Later that same day, January 6, 2020, Trump’s mob descended on the Capitol, killing and injuring its defenders and threatening to kill members of Congress and Vice President Pence (who we now know had declined to go along with the plot of Trump’s coup). McMorris Rodgers, apparently shaken by reality, backpedalled, declaring the violence “unlawful and unacceptable” and withdrawing her promise to vote against acceptance of certain states’ electors. 

In keeping with her bland, motherly facade, she sought to backpedal further: “I have been consistent in my belief that Americans should utilize the Constitutional tools and legal processes available to seek answers to their questions about the 2020 election.” Those words sound warm and fuzzy, but the “Constitution tool” she planned to employ against the electoral votes on January 6 and the “legal process” she pursued in the Paxton lawsuit were part of Trump’s plan to breathe life into his Big Lie, divide the country, subvert the will of the voters and seize the presidency, if necessary, by force. She knew—and, if not, she should have known—that both of her actions were anti-democratic aids to an attempted coup.

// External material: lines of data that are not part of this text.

Let eps_continuousU_at A B h x :
  eps_continuous A h -> eps_continuous B h ->
  (~ B x -> exists2 r, 0 < r & forall y, B y -> r <= `|y - x|) ->
  A x -> forall e : R, 0 < e -> exists2 d : R, 0 < d &
    forall y, (A `|` B) y -> `|y - x| < d -> `|h y - h x| < e.
Proof.
move=> hA hB sep Ax e e0; have [dA dA0 hdA] := hA x Ax e e0.
have [dB dB0 hdB] : exists2 dB, 0 < dB & forall y, B y -> `|y - x| < dB ->
    `|h y - h x| < e.
  have [Bx|nBx] := pselect (B x); first exact: hB.
  have [r r0 hr] := sep nBx; exists r => // y By yx.
  by have := hr y By; rewrite leNgt yx.
exists (Num.min dA dB); first by rewrite lt_min dA0 dB0.
by move=> y [Ay|By]; rewrite lt_min => /andP[yA yB]; [apply: hdA | apply: hdB].
Qed.

Lemma eps_continuousU A B h :
  eps_continuous A h -> eps_continuous B h ->
  (forall x, A x -> ~ B x -> exists2 r, 0 < r & forall y, B y -> r <= `|y - x|) ->
  (forall x, B x -> ~ A x -> exists2 r, 0 < r & forall y, A y -> r <= `|y - x|) ->
  eps_continuous (A `|` B) h.
Proof.
move=> hA hB sepA sepB x [Ax|Bx]; first exact: eps_continuousU_at (sepA x Ax) Ax.
by rewrite setUC; exact: eps_continuousU_at (sepB x Bx) Bx.
Qed.

Lemma eps_continuous_glue A B q h1 h2 :
  (forall x, A x -> x <= q) -> (forall x, B x -> q <= x) -> A q -> B q ->
  h1 q = h2 q ->
  eps_continuous A h1 -> eps_continuous B h2 ->
  eps_continuous (A `|` B) (fun x => if x <= q then h1 x else h2 x).
Proof.
move=> Aq Bq Aqq Bqq h12 c1 c2; apply: eps_continuousU.
- by apply: eq_eps_continuous c1 => x /Aq ->.
- apply: eq_eps_continuous c2 => x Bx; case: ifPn => // xq.
  by have -> : x = q by apply/eqP; rewrite eq_le xq Bq.
- move=> x Ax nBx; have xq : x < q.
    by rewrite lt_neqAle Aq // andbT; apply/eqP => xq; apply: nBx; rewrite xq.
  exists (q - x); rewrite ?subr_gt0 // => y /Bq qy.
  by rewrite ger0_norm ?lerD2r //; lra.
- move=> x Bx nAx; have qx : q < x.
    by rewrite lt_neqAle Bq // andbT; apply/eqP => qx; apply: nAx; rewrite -qx.
  exists (x - q); rewrite ?subr_gt0 // => y /Aq yq.
  by rewrite ler0_norm ?opprB ?lerD2l ?lerN2 //; lra.
Qed.

End EpsContinuity.

Section Selection.
Variables (R : realType) (I : finType) (n : nat).
Local Notation V := 'rV[R]_n.
Implicit Types (lbl : I -> seq bool) (A B J : set R) (f F G : R -> I -> V).

(* A labelling restricts the admissible reorderings to the permutations
   preserving it.  Labels are bit sequences, so that refining a labelling by
   one more binary criterion is a cons. *)
Definition lbl_preserving lbl (s : {perm I}) := forall i, lbl (s i) = lbl i.

Definition lbl_continuous lbl J f :=
  forall x, J x -> forall e : R, 0 < e -> exists2 d : R, 0 < d &
    forall y, J y -> `|y - x| < d ->
      exists2 s, lbl_preserving lbl s & forall i, `|f y i - f x (s i)| < e.

Definition selection lbl J f F :=
  (forall x, J x -> exists2 s, lbl_preserving lbl s & forall i, F x i = f x (s i))
  /\ forall i, eps_continuous J (F ^~ i).

Lemma lbl_preserving1 lbl : lbl_preserving lbl 1%g.
Proof. by move=> i; rewrite perm1. Qed.

Lemma lbl_preservingM lbl s t :
  lbl_preserving lbl s -> lbl_preserving lbl t -> lbl_preserving lbl (s * t)%g.
Proof. by move=> hs ht i; rewrite permM ht hs. Qed.

Lemma lbl_preservingV lbl s : lbl_preserving lbl s -> lbl_preserving lbl s^-1%g.
Proof. by move=> hs i; rewrite -{2}(permKV s i) hs. Qed.

Lemma lbl_continuous_sub lbl J J' f :
  J' `<=` J -> lbl_continuous lbl J f -> lbl_continuous lbl J' f.
Proof.
move=> sJ fc x /sJ Jx e e0; have [d d0 hd] := fc x Jx e e0.
by exists d => // y /sJ; apply: hd.
Qed.

Lemma selection_sub lbl J J' f F :
  J' `<=` J -> selection lbl J f F -> selection lbl J' f F.
Proof.
move=> sJ [hF cF]; split=> [x /sJ|i]; first exact: hF.
exact: eps_continuous_sub (cF i).
Qed.

Lemma selection_perm lbl J f F p : lbl_preserving lbl p ->
  selection lbl J f F -> selection lbl J f (fun x i => F x (p i)).
Proof.
move=> hp [hF cF]; split=> [x Jx|i]; last exact: cF.
have [s hs eF] := hF x Jx.
by exists (p * s)%g => [|i]; [exact: lbl_preservingM | rewrite eF permM].
Qed.

Lemma selection_match lbl J J' f F G q :
  selection lbl J f F -> selection lbl J' f G -> J q -> J' q ->
  exists2 p, lbl_preserving lbl p & forall i, G q (p i) = F q i.
Proof.
move=> [hF _] [hG _] Jq J'q; have [s hs eF] := hF q Jq; have [t ht eG] := hG q J'q.
exists (s * t^-1)%g => [|i]; first exact/lbl_preservingM/lbl_preservingV.
by rewrite eG eF permM permKV.
Qed.

Lemma selection_glue lbl A B f F G q :
  (forall x, A x -> x <= q) -> (forall x, B x -> q <= x) -> A q -> B q ->
  F q = G q -> selection lbl A f F -> selection lbl B f G ->
  selection lbl (A `|` B) f (fun x => if x <= q then F x else G x).
Proof.
move=> Aq Bq Aqq Bqq FG [hF cF] [hG cG]; split=> [x [Ax|Bx]|i].
- by rewrite Aq //; apply: hF.
- case: ifPn => xq; last exact: hG.
  have -> : x = q by apply/eqP; rewrite eq_le xq Bq.
  exact: hF.
- have FGi : F q i = G q i by rewrite FG.
  have := eps_continuous_glue Aq Bq Aqq Bqq FGi (cF i) (cG i).
  by apply: eq_eps_continuous => x _; case: ifP.
Qed.

Lemma selection_cat lbl f F G a t u : a <= t <= u ->
  selection lbl (seg a t) f F -> selection lbl (seg t u) f G -> F t = G t ->
  selection lbl (seg a u) f (fun x => if x <= t then F x else G x).
Proof.
move=> /andP[le_at le_tu] sF sG FG.
have left_t x : seg a t x -> x <= t by case/andP.
have right_t x : seg t u x -> t <= x by case/andP.
have := selection_glue left_t right_t _ _ FG sF sG.
rewrite /= lexx le_at le_tu => /(_ isT isT); apply: selection_sub.
by move=> x /andP[ax xu]; have [xt|/ltW tx] := leP x t; [left|right]; apply/andP.
Qed.

Lemma selection_catl lbl f F G a t u : a <= t <= u ->
  selection lbl (seg a t) f F -> selection lbl (seg t u) f G ->
  exists2 H, selection lbl (seg a u) f H & forall x, a <= x <= t -> H x = F x.
Proof.
move=> atu sF sG; case/andP: (atu) => le_at le_tu.
have [||p hp ep] := selection_match (q := t) sF sG; rewrite /= ?lexx ?le_at ?le_tu //.
have FG : F t = (fun i => G t (p i)) by apply/funext => i; rewrite ep.
eexists; first exact: selection_cat atu sF (selection_perm hp sG) FG.
by move=> x /andP[_ ->].
Qed.

Lemma selection_catr lbl f F G a t u : a <= t <= u ->
  selection lbl (seg a t) f F -> selection lbl (seg t u) f G ->
  exists2 H, selection lbl (seg a u) f H & forall x, t <= x <= u -> H x = G x.
Proof.
move=> atu sF sG; case/andP: (atu) => le_at le_tu.
have [||p hp ep] := selection_match (q := t) sG sF; rewrite /= ?lexx ?le_at ?le_tu //.
eexists; first exact: selection_cat atu (selection_perm hp sF) sG (funext ep).
move=> x /andP[tx _]; case: ifPn => // xt.
have -> : x = t by apply/eqP; rewrite eq_le xt tx.
exact: funext ep.
Qed.

End Selection.

Section Segment.
Variables (R : realType) (I : finType) (n : nat).
Local Notation V := 'rV[R]_n.
Implicit Types (lbl : I -> seq bool) (J : set R) (f : R -> I -> V).

Definition locally_selectable lbl J f := forall y, J y ->
  exists2 d : R, 0 < d & exists F, selection lbl (J `&` [set x | `|x - y| <= d]) f F.

Lemma selection_segment lbl J f a b : is_interval J -> locally_selectable lbl J f ->
  J a -> J b -> a <= b -> exists F, selection lbl (seg a b) f F.
Proof.
move=> iJ hJ Ja Jb ab.
have segJ x : a <= x <= b -> J x by apply: iJ.
pose T := [set t | a <= t <= b /\ exists F, selection lbl (seg a t) f F].
have Ta : T a.
  split; first by rewrite lexx ab.
  have [d d0 [F sF]] := hJ a Ja; exists F; apply: selection_sub sF.
  move=> x /andP[ax xa]; have -> : x = a by apply/eqP; rewrite eq_le ax xa.
  by split=> //=; rewrite subrr normr0 ltW.
have ubT : ubound T b by move=> t [/andP[_ ->]].
have supT : has_sup T by split; [exists a | exists b].
set s := sup T.
have [as_ sb] : a <= s /\ s <= b.
  by split; [exact: sup_upper_bound | exact: ge_sup (ex_intro _ a Ta) ubT].
have [d d0 [G sG]] := hJ s (segJ s (introT andP (conj as_ sb))).
have [t Tt st] := sup_adherent d0 supT; rewrite -/s in st.
have ts : t <= s := sup_upper_bound supT Tt.
case: Tt => /andP[le_at tb] [F sF].
set u := Num.min b (s + d).
have tu : t <= u by rewrite le_min tb /=; lra.
have Tu : T u.
  split; first by rewrite ge_min lexx (le_trans le_at tu).
  have sGtu : selection lbl (seg t u) f G.
    apply: selection_sub sG => x /andP[tx xu]; split.
      by apply: segJ; rewrite (le_trans le_at tx) (le_trans xu) // ge_min lexx.
    move: xu; rewrite /= le_min => /andP[_ xu]; rewrite ler_norml; apply/andP.
    by split; lra.
  by have [H sH _] := selection_catl (introT andP (conj le_at tu)) sF sGtu; exists H.
have -> : b = u.
  have := sup_upper_bound supT Tu; rewrite -/s /u ge_min => /orP[bs|]; last lra.
  by rewrite min_l //; lra.
by case: Tu.
Qed.

End Segment.

Section Exhaustion.
Variable R : realType.
Implicit Types (J : set R) (A e m : R).

Lemma ler_divSn A k k' : 0 <= A -> (k <= k')%N -> A / k'.+1%:R <= A / k.+1%:R.
Proof. by move=> A0 kk; rewrite ler_wpM2l // lef_pV2 ?posrE ?ltr0n // ler_nat. Qed.

Lemma divSn_le A k : 0 <= A -> A / k.+1%:R <= A.
Proof. by move=> A0; rewrite ler_pdivrMr ?ltr0n // ler_peMr // ler1n. Qed.

Lemma exists_divSn_lt A e : 0 <= A -> 0 < e -> exists k, A / k.+1%:R < e.
Proof.
move=> A0 e0; exists (Num.Def.archi_bound (A / e)).
rewrite ltr_pdivrMr ?ltr0n // -ltr_pdivrMl // mulrC.
by apply: lt_le_trans (archi_boundP (divr_ge0 A0 (ltW e0))) _; rewrite ler_nat.
Qed.

Lemma interval_exhaustion_up J m : is_interval J -> J m -> has_ubound J ->
  exists be : nat -> R, [/\ forall k, J (be k) /\ m <= be k,
    {homo be : k k' / (k <= k')%N >-> k <= k'} &
    forall x, J x -> exists k, exists2 e, 0 < e &
      forall y, J y -> `|y - x| < e -> y <= be k].
Proof.
move=> iJ Jm ubJ; have supJ : has_sup J by split=> //; exists m.
set v := sup J; have mv : m <= v := sup_upper_bound supJ Jm.
have [Jv|nJv] := pselect (J v).
  exists (fun=> v); split=> [//|//|x Jx].
  by exists 0%N, 1 => // y Jy _; exact: sup_upper_bound.
have vm0 : 0 <= v - m by rewrite subr_ge0.
exists (fun k => v - (v - m) / k.+1%:R); split.
- move=> k; have vmk := divSn_le k vm0.
  have pos : 0 < (v - m) / k.+1%:R.
    rewrite divr_gt0 // subr_gt0 lt_neqAle mv andbT.
    by apply/eqP => mv'; apply: nJv; rewrite -mv'.
  have [z Jz zv] := sup_adherent pos supJ.
  rewrite -/v in zv; move: vmk pos zv; set w := _ / _ => vmk pos zv.
  split; last lra.
  by apply: (iJ m z) => //; apply/andP; split; lra.
- by move=> k k' kk; rewrite lerD2l lerN2 ler_divSn.
- move=> x Jx; have xv : x < v.
    by rewrite lt_neqAle sup_upper_bound // andbT; apply/eqP => xv; apply: nJv; rewrite -xv.
  have [k hk] : exists k, (v - m) / k.+1%:R < v - x.
    by apply: exists_divSn_lt; rewrite // subr_gt0.
  exists k; move: hk; set w := _ / _ => hk.
  exists (v - w - x); first lra.
  by move=> y _; rewrite ltr_norml => /andP[_ ?]; lra.
Qed.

They were in no way an attempt to answer legitimate question about the conduct of the election.

McMorris Rodgers will not lose the support of the rabid wing of the local Republican Party for dancing carefully around this issue, but no one who wishes to uphold our democratic values should be blind to her support of Trump’s Big Lie, a Lie devoted to overturning the result of an election that was clean and fair by any factual measure.